Em
1982 a historiadora joinvilense Elly Herkenhoff deu início à
tradução das listas de imigrantes constantes do acervo
do Arquivo Histórico de Joinville, visando atender à crescente
procura de informações por parte de descendentes daqueles
imigrantes.
Já no ano seguinte, D. Elly ensinou-nos o trabalho, que passamos
a desenvolver sistematicamente, conforme sua orientação.
Em um caderno alfabetado, registrava-se a mão: sobrenome e nome
do imigrante, profissão, se veio com esposa, número de
filhos, região de procedência, nome e ano do navio. Este
sistema, contudo, obrigava-nos a consultar os originais à procura
de dados complementares tais como: cidade de procedência, nome
e idade da esposa e dos filhos, etc., manuseio que por outro lado comprometia
a preservação dos originais.
Passamos então a ampliar a tradução, registrando
todos os dados em fichas, ordenadas alfabeticamente. O pesquisador tinha,
assim, acesso direto às informações no fichário.
Observamos, no entanto, que este método “quebrava”

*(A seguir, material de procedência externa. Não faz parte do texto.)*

(* The partitions of [A] containing [Q] correspond to the partitions of
   [A :\: cover Q]. *)
Lemma partition_setU_subset A Q (P' : {set {set T}}) :
  partition Q (cover Q) -> cover Q \subset A ->
  [&& partition (Q :|: P') A, Q \subset Q :|: P' & (Q :|: P') :\: Q == P']
  = partition P' (A :\: cover Q).
Proof.
move=> pQ QA; apply/idP/idP.
  move=> /and3P[pP QP /eqP <-].
  rewrite /partition cover_setD ?(partition_trivIset pP) //.
  rewrite (cover_partition pP) eqxx trivIsetD ?(partition_trivIset pP) //=.
  by rewrite inE negb_and (partition0 pP) orbT.
move=> pP'.
have dQP' : [disjoint cover Q & cover P'].
  by rewrite (cover_partition pP') -setI_eq0 setDE setICA setICr setI0.
have dP'Q : [disjoint P' & Q].
  rewrite -setI_eq0; apply/eqP/setP => B; rewrite !inE.
  apply/negP => /andP[BP' BQ]; have /set0Pn[x xB] := partition_neq0 pP' BP'.
  have xQ : x \in cover Q by apply/bigcupP; exists B.
  have xP' : x \in cover P' by apply/bigcupP; exists B.
  by rewrite (disjointFr dQP' xQ) in xP'.
rewrite subsetUl setDUl setDv set0U (setDidPl dP'Q) eqxx !andbT.
rewrite /partition cover_setU (cover_partition pP') setUD_subset // eqxx /=.
rewrite trivIsetU ?(partition_trivIset pQ) ?(partition_trivIset pP') //=.
by rewrite inE (partition0 pQ) (partition0 pP').
Qed.

Lemma sum_partition_subpartition (R : nmodType) A
    (G : {set {set T}} -> {set {set T}} -> R) :
  \sum_(P : {set {set T}} | partition P A)
     \sum_(Q : {set {set T}} | Q \subset P) G Q (P :\: Q) =
  \sum_(S : {set T} | S \subset A) \sum_(Q : {set {set T}} | partition Q S)
     \sum_(P' : {set {set T}} | partition P' (A :\: S)) G Q P'.
Proof.
rewrite (exchange_big_dep xpredT) //= [RHS](exchange_big_dep xpredT) //=.
apply: eq_bigr => Q _.
have [/andP[pQ QA]|npQ] := boolP (partition Q (cover Q) && (cover Q \subset A)).
  rewrite (big_pred1 (cover Q)) => [|S /=]; last first.
    by apply/andP/eqP => [[_ /cover_partition]|->].
  rewrite (reindex_onto (fun P' => Q :|: P') (fun P => P :\: Q)) /=.
    apply: eq_big => [P'|P' /andP[_ /eqP -> //]].
    by rewrite -andbA (partition_setU_subset _ pQ QA).
  by move=> P /andP[_ QP]; apply: setUD_subset.
rewrite big_pred0 => [|P]; last first.
  by apply/negP => /andP[pP QP]; move/negP: npQ; apply; exact: partition_subset pP QP.
rewrite big_pred0 // => S; apply/negP => /andP[SA pS]; move/negP: npQ; apply.
by rewrite (cover_partition pS) pS.
Qed.

Lemma eq_set1_pblock P A x Q :
  partition P A -> x \in A ->
  [&& Q \subset P, x \in cover Q & #|Q| == 1%N] = (Q == [set pblock P x]).
Proof.
move=> pP xA; have tP := partition_trivIset pP.
have xP : x \in cover P by rewrite (cover_partition pP).
apply/idP/eqP => [/and3P[QP xQ /cards1P[B eQ]]|->].
  move: QP xQ; rewrite eQ sub1set cover1 => BP xB.
  by rewrite (def_pblock tP BP xB).
by rewrite sub1set pblock_mem // cover1 mem_pblock xP cards1.
Qed.

Lemma partition_set1 Q S x :
  [&& partition Q S, x \in cover Q & #|Q| == 1%N] = (x \in S) && (Q == [set S]).
Proof.
apply/idP/andP => [/and3P[pQ xQ /cards1P[B eQ]]|[xS /eqP->]].
  move: pQ xQ; rewrite eQ => pB; rewrite -(cover_partition pB) cover1 => ->.
  by rewrite eqxx.
rewrite /partition cover1 eqxx trivIset1 cards1 xS eqxx !andbT /= inE.
by apply/negP => /eqP S0; move: xS; rewrite -S0 inE.
Qed.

o conjunto da lista de um navio, dificultando, por exemplo, que se tivesse
uma visão do número de imigrantes de uma mesma cidade
ou de profissionais de determinada categoria. Por esta razão,
refizemos o trabalho, datilografando todas as listas com uma única
alteração: os nomes foram ordenados alfabeticamente. A
chamada “ficha técnica” do navio, com os dados de
saída e chegada, nome do capitão, número de passageiros,
nascimentos e falecimentos a bordo foi montada por nós de maneira
a dar ao pesquisador uma visão melhor de tais dados, não
constam desta forma das listas.
O trabalho de tradução foi feito e refeito várias
vezes ao longo dos 15 anos. À medida que novas situações
se apresentavam, fomos adequando as listas já traduzidas, acrescentando
dados que, à primeira vista, nos passaram desapercebidos.
No final de 1998, após a tradução da última
lista, procedemos, agora já contando com a ajuda de mais uma
tradutora de alemão, Helena Remina Richlin, à completa
revisão da tradução, digitação, bem
como, uniformatização da seqüência dos dados.
A designação J e L (ou respectivamente B) após
cada nome é de extrema importância, visto que esta sistematização
designa em que lista está registrado o imigrante, assim podemos
saber a procedência e o destino do imigrante.